NRCan will be taking a risk-based approach to compliance verification and will assess ESTMA reports based on an internal risk assessment framework to ensure ESTMA compliance and data integrity. Businesses found to be at a higher risk of non-compliance may be flagged for further compliance verification, including requests for information/documents or audits. Examples of risk criteria that may be considered when determining businesses that are at higher risk of non-compliance include:

  • Businesses that submit a report with multiple errors
  • Businesses that do not rectify errors in their reports in an acceptable and timely manner
  • Businesses that did not report on or provide context on why they did not have to report on joint ventures
  • Businesses that are flagged for data anomalies

What happens if a reporting entity fails to comply with the reporting requirements (sections 9, 12 or 13) of the Act?

NRCan is committed to undertaking outreach and working with industry to ensure that reporting obligations are well understood.
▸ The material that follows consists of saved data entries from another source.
(* Let $g$ be a continuous function on $[a,b]$ which is DC on $(a,b)$, and let $P\subset[a,b]$ be a nowhere dense set. Then the set $g(P)$ is nowhere dense in $\mathbb{R}$.
   Context: A function on an open interval is DC if it is the difference of two convex functions on that interval. *)

From HB Require Import structures.
From mathcomp Require Import all_boot all_order all_algebra.
From mathcomp Require Import all_classical all_reals all_analysis.
Set Implicit Arguments. Unset Strict Implicit. Unset Printing Implicit Defensive.
Import Order.TTheory GRing.Theory Num.Theory numFieldNormedType.Exports.
Local Open Scope classical_set_scope.
Local Open Scope ring_scope.

Definition convex_on (R : realType) (I : set R) (f : R -> R) : Prop :=
  forall x y t, I x -> I y -> 0 <= t -> t <= 1 ->
    f (t * x + (1 - t) * y) <= t * f x + (1 - t) * f y.

Definition DC_on (R : realType) (I : set R) (g : R -> R) : Prop :=
  exists g1 g2 : R -> R, convex_on I g1 /\ convex_on I g2 /\
    forall x, I x -> g x = g1 x - g2 x.

Definition nowhere_dense (T : topologicalType) (A : set T) : Prop :=
  interior (closure A) = set0.

From HB Require Import structures.
From mathcomp Require Import all_boot all_order all_algebra.
From mathcomp Require Import all_classical all_reals all_analysis.
From mathcomp Require Import ring lra.
Import Order.TTheory GRing.Theory Num.Theory numFieldNormedType.Exports.
Local Open Scope classical_set_scope.
Local Open Scope ring_scope.

(* Convex functions have one-sided
   derivatives, so for every eta > 0 each point of (a, b) has one-sided
   neighbourhoods on which all difference quotients of g lie in an interval of
   length eta; on such a neighbourhood [p, q] the function g is strictly
   monotone or eta-Lipschitz. A continuous strictly monotone image of a nowhere
   dense set is nowhere dense, and an eta-Lipschitz image of a subset of [p, q]
   lies in an interval of length 2 eta (q - p). Gluing along a compact
   [c, d] in (a, b) by real induction, g(P ∩ [c, d]) lies in a nowhere dense
   set plus finitely many intervals of total length as small as we like; by
   continuity at a and b so does g(P). A subset of R with this property is
   nowhere dense. *)

Lemma ler_pdiv_cross (R : realFieldType) (x y u v : R) : 0 < u -> 0 < v ->
  (x / u <= y / v) = (x * v <= y * u).
Proof. by move=> u0 v0; rewrite ler_pdivrMr // mulrAC ler_pdivlMr. Qed.

Section Slopes.
Context {R : realType}.
Implicit Types (f g : R -> R) (a b m p q r x : R).

Definition slope f p q := (f q - f p) / (q - p).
If an entity is found to be willfully not compliant with reporting requirements or corrective measures, obstructs an audit, knowingly provides false or misleading information, or fails to comply with any other provisions in sections 9, 12 or 13 of the Act, NRCan may recommend prosecution to the Director of Public Prosecutions under section 24 of the Act, which allows for fines of up to $250,000 per day per offence if the entity is found guilty.

Can a third party submit a complaint about a report?

NRCan will consider requests by third parties to further examine a report submitted under the ESTMA if there are reasonable grounds that support further scrutiny. Requests for further examination of a submitted report can be sent by email or regular mail to:

Extractive Sector Transparency Office
Lands and Minerals Sector
Natural Resources Canada
580 Booth Street, 9th floor
Ottawa, ON  K1A 0E4

Will NRCan investigate suspected criminal activity?

The ESTMA was developed to deter and detect corruption, including any forms of corruption under any of sections 119 to 121 and 341 of the Criminal Code and sections 3 and 4 of the Corruption of Foreign Public Officials Act. The responsibility for investigations of any possible criminal activity will rest with the relevant law enforcement agency.